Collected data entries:
- Opening Delimiter -

Lemma split_large_factor m : B < (mexp sigma m).1 -> (mexp sigma m).1 != 1 ->
  exists p q, [/\ m = p + q, q != 0 & S <= (mexp sigma p).1].
Proof.
move=> deg_gtB deg_neq1; have S1 := S_ge1; set s : int := \sum_j (e j).1 in S1 deg_gtB *.
have m_neq0 : m != 0.
  by apply/eqP => m_eq0; move: deg_gtB; rewrite m_eq0 mexp0 raddf0; lia.
have [i [m1 m_E]] := mono_split m_neq0; move: deg_gtB deg_neq1.
rewrite m_E mexpD mexp_var /= => deg_gtB deg_neq1; have [_ _ sigma_i_le] := sigma_in i.
have m1_neq0 : m1 != 0.
  apply/eqP => m1_eq0; move: deg_gtB deg_neq1; rewrite m1_eq0 mexp0 raddf0 addr0.
  by move=> ? /eqP; lia.
have [S_le_i|i_lt_S] := lerP S (sigma i).1; first by exists (mvar i), m1; rewrite mexp_var.
exists m1, (mvar i); split; first by rewrite addrC.
  by apply/eqP => /ffunP/(_ i); rewrite !ffunE eqxx.
by lia.
Qed.

Variable ie : 'I_t.+1 -> 'I_r.
Hypothesis sigma_ie : forall j, sigma (ie j) = e j.

Lemma mexp_onto y : inS y -> exists c, mexp sigma c = y.
Proof.
move=> y_in; have [N] := ubnP `|y.1|; elim: N => // N IH in y y_in *; move=> y_lt.
have [->|y_neq0] := eqVneq y 0; first by exists 0; rewrite mexp0.
have [y_le|S_lt_y] := lerP y.1 S.
  by have [i <-] := sigma_onto y_in y_neq0 y_le; exists (mvar i); rewrite mexp_var.
have [lam lam_y] := Sigma_span y_in.
have [j lam_j] : exists j, 1 <= lam j.
  by apply: nncomb_exists_ge lam_y; rewrite // mul1r ler_int ltW.
have [c c_E] : exists c, mexp sigma c = y - e j.
  apply: IH; first exact: nncomb_inSigma (nncomb_sub_unitv lam_y lam_j).
  have -> : (y - e j).1 = y.1 - (e j).1 by [].
  move: (e_deg_gt0 j) (e_deg_le e_deg_gt0 j) S_lt_y y_lt.
  set s : int := \sum_j (e j).1; lia.
by exists (mvar (ie j) + c); rewrite mexpD mexp_var sigma_ie c_E addrC subrK.
Qed.

Section Fiber.
Variable x : point n.
Local Notation bm := (binomial_mem k sigma B).
Hypothesis fiber_below : forall m m', (mexp sigma m).1 < x.1 ->
  mexp sigma m = mexp sigma m' -> bm m m'.

Lemma mexp_var_e j c : mexp sigma (mvar (ie j) + c) = e j + mexp sigma c.
Proof. by rewrite mexpD mexp_var sigma_ie. Qed.

Lemma exchange_large_factor p q : mexp sigma (p + q) = x -> q != 0 ->
  S <= (mexp sigma p).1 ->
  exists j c, mexp sigma (mvar (ie j) + c) = x /\ bm (p + q) (mvar (ie j) + c).
Proof.
move=> pq_x q_neq0 p_large; have [lam lam_p] := mexp_span p.
have [j lam_j] : exists j, 1 <= lam j.
  by apply: nncomb_exists_ge lam_p; rewrite // mul1r ler_int.
have [c c_E] := mexp_onto (nncomb_inSigma (nncomb_sub_unitv lam_p lam_j)).
have jc_p : mexp sigma (mvar (ie j) + c) = mexp sigma p.
  by rewrite mexp_var_e c_E addrC subrK.
exists j, (q + c); split; first by rewrite addrCA mexpD jc_p -mexpD addrC.
rewrite [p + q]addrC [mvar _ + (q + c)]addrCA; apply: binomial_memD.
apply: fiber_below (esym jc_p).
by rewrite -pq_x mexpD /= ltrDl mexp_deg_gt0.
Qed.

Lemma reduce_to_e_factor m : B < x.1 -> x.1 != 1 -> mexp sigma m = x ->
  exists j c, mexp sigma (mvar (ie j) + c) = x /\ bm m (mvar (ie j) + c).
Proof.
move=> x_gtB x_neq1 m_x; rewrite -m_x in x_gtB x_neq1.
have [p [q [m_E q_neq0 p_large]]] := split_large_factor x_gtB x_neq1.
by rewrite m_E in m_x *; apply: exchange_large_factor.
Qed.

Lemma nncomb_of_e_factor j c : mexp sigma (mvar (ie j) + c) = x ->
  exists2 lam, nncomb e lam x & 1 <= lam j.
Proof.
move=> jc_x; have [mu mu_c] := mexp_span c; exists (fun l => unitv j l + mu l).
  by rewrite -jc_x mexp_var_e; apply: nncombD (nncomb_unitv e j) mu_c.
by rewrite /unitv eqxx lerDl; case: mu_c.
Qed.

(* The existence clause is what makes [e_linked] transitive. *)
Definition e_linked j1 j2 :=
  (exists c, mexp sigma (mvar (ie j1) + c) = x) /\
  forall c1 c2, mexp sigma (mvar (ie j1) + c1) = x ->
    mexp sigma (mvar (ie j2) + c2) = x -> bm (mvar (ie j1) + c1) (mvar (ie j2) + c2).

Lemma e_linked_trans j1 j2 j3 : e_linked j1 j2 -> e_linked j2 j3 -> e_linked j1 j3.
Proof.
move=> [ex_c1 link12] [[c2 c2_x] link23]; split=> // c1 c3 c1_x c3_x.
exact: binomial_mem_trans (link12 _ _ c1_x c2_x) (link23 _ _ c2_x c3_x).
Qed.

(* If [x - e j1 - e j2] lies in Sigma, both monomials are connected, through
   the fiber over a point of smaller degree, to [w_(ie j1) w_(ie j2) cw]. *)
Lemma e_linked_step lam j1 j2 : nncomb e lam x -> 1 <= lam j1 -> 1 <= lam j2 ->
  e_linked j1 j2.
Proof.
move=> lam_x lam_j1 lam_j2; have x_j1 := nncomb_sub_unitv lam_x lam_j1.
have [c1 c1_E] := mexp_onto (nncomb_inSigma x_j1).
split; first by exists c1; rewrite mexp_var_e c1_E addrC subrK.
move=> d1 d2 d1_x d2_x.
have d_E j d : mexp sigma (mvar (ie j) + d) = x -> mexp sigma d = x - e j.
  by move=> <-; rewrite mexp_var_e [RHS]addrC addKr.
have below j d : mexp sigma (mvar (ie j) + d) = x -> (mexp sigma d).1 < x.1.
  move=> /d_E ->; have -> : (x - e j).1 = x.1 - (e j).1 by [].
  by rewrite gtrBl.
have [j12|j1_neq_j2] := eqVneq j1 j2.
  subst j2; apply: binomial_memD; apply: fiber_below (below _ _ d1_x) _.
  by rewrite (d_E _ _ d1_x) (d_E _ _ d2_x).
have lam_j2' : 1 <= lam j2 - unitv j1 j2.
  by rewrite /unitv eq_sym (negbTE j1_neq_j2) subr0.
have [cw cw_E] := mexp_onto (nncomb_inSigma (nncomb_sub_unitv x_j1 lam_j2')).
have w2_x : mexp sigma (mvar (ie j2) + cw) = x - e j1.
  by rewrite mexp_var_e cw_E addrC subrK.
have w1_x : mexp sigma (mvar (ie j1) + cw) = x - e j2.
  by rewrite mexp_var_e cw_E addrCA addrA subrK.
have link1 := binomial_memD (mvar (ie j1)) (fiber_below (below _ _ d1_x)
  (etrans (d_E _ _ d1_x) (esym w2_x))).
have link2 := binomial_memD (mvar (ie j2)) (fiber_below (below _ _ d2_x)
  (etrans (d_E _ _ d2_x) (esym w1_x))).
by rewrite addrCA in link2; apply: binomial_mem_trans link1 (binomial_mem_sym link2).
Qed.

Lemma fiber_step m m' : B < x.1 -> x.1 != 1 -> mexp sigma m = x ->
  mexp sigma m' = x -> bm m m'.
Proof.
move=> x_gtB x_neq1 m_x m'_x.
have S_lt_x : S < x.1.
  move: S_ge1 x_gtB x_neq1; set s : int := \sum_j (e j).1 => ? ? /eqP; lia.
have [j [c [jc_x m_jc]]] := reduce_to_e_factor x_gtB x_neq1 m_x.
have [j' [c' [jc'_x m'_jc']]] := reduce_to_e_factor x_gtB x_neq1 m'_x.
have [lam lam_x lam_j] := nncomb_of_e_factor jc_x.
have [lam' lam'_x lam'_j'] := nncomb_of_e_factor jc'_x.
have [_ link] := nncomb_chain e_deg_gt0 S_lt_x e_linked_trans e_linked_step
  lam_x lam'_x lam_j lam'_j'.
apply: binomial_mem_trans m_jc (binomial_mem_trans (link _ _ jc_x jc'_x) _).
exact: binomial_mem_sym.
Qed.

End Fiber.

Hypothesis sigma_inj : injective sigma.

Lemma fiber_binomial_mem m m' :
  mexp sigma m = mexp sigma m' -> binomial_mem k sigma B m m'.
Proof.
move=> mm'; have [N] := ubnP `|(mexp sigma m).1|.
elim: N => // N IH in m m' mm' *; move=> m_lt.
have [m_low|m_gtB] := lerP (mexp sigma m).1 B.
  by apply: binomial_mem_low; rewrite ?mdegE.
have [m_eq1|m_neq1] := eqVneq (mexp sigma m).1 1.
  have [i m_E] := mexp_deg_eq1 m_eq1.
  have [i' m'_E] : exists i', m' = mvar i' by apply: mexp_deg_eq1; rewrite -mm'.
  by move: mm'; rewrite m_E m'_E !mexp_var => /sigma_inj ->; apply: binomial_mem_refl.
apply: (fiber_step (x := mexp sigma m)) => // m1 m1' m1_lt m11'.
apply: IH m11' _; move: m1_lt m_lt (mexp_deg_ge0 m1); lia.
Qed.

Lemma chi_onto f : (forall u, u \in f -> inS u.2) ->
  exists p : mpoly k r, forall x, chi sigma p x = scoef f x.
Proof.
elim: f => [|u f IH] f_in; first by exists [::] => x; rewrite /chi /scoef !big_nil.
have [p p_E] : exists p : mpoly k r, forall x, chi sigma p x = scoef f x.
  by apply: IH => v v_f; apply: f_in; rewrite inE v_f orbT.
have [c c_E] := mexp_onto (f_in u (mem_head _ _)).
exists ((u.1, c) :: p) => x.
by rewrite /chi /scoef !big_cons /= c_E -/(chi sigma p x) p_E.
Qed.

End GradedSemigroup.

Unset Implicit Arguments.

- Closing Delimiter -

▶ WHAT THE TASK ASKS: Lines that contain "Variable" are the result; find them in the entries above and copy each one.

▶ SOLUTION TO THIS TASK:
Variable ie : 'I_t.+1 -> 'I_r.
Variable x : point n.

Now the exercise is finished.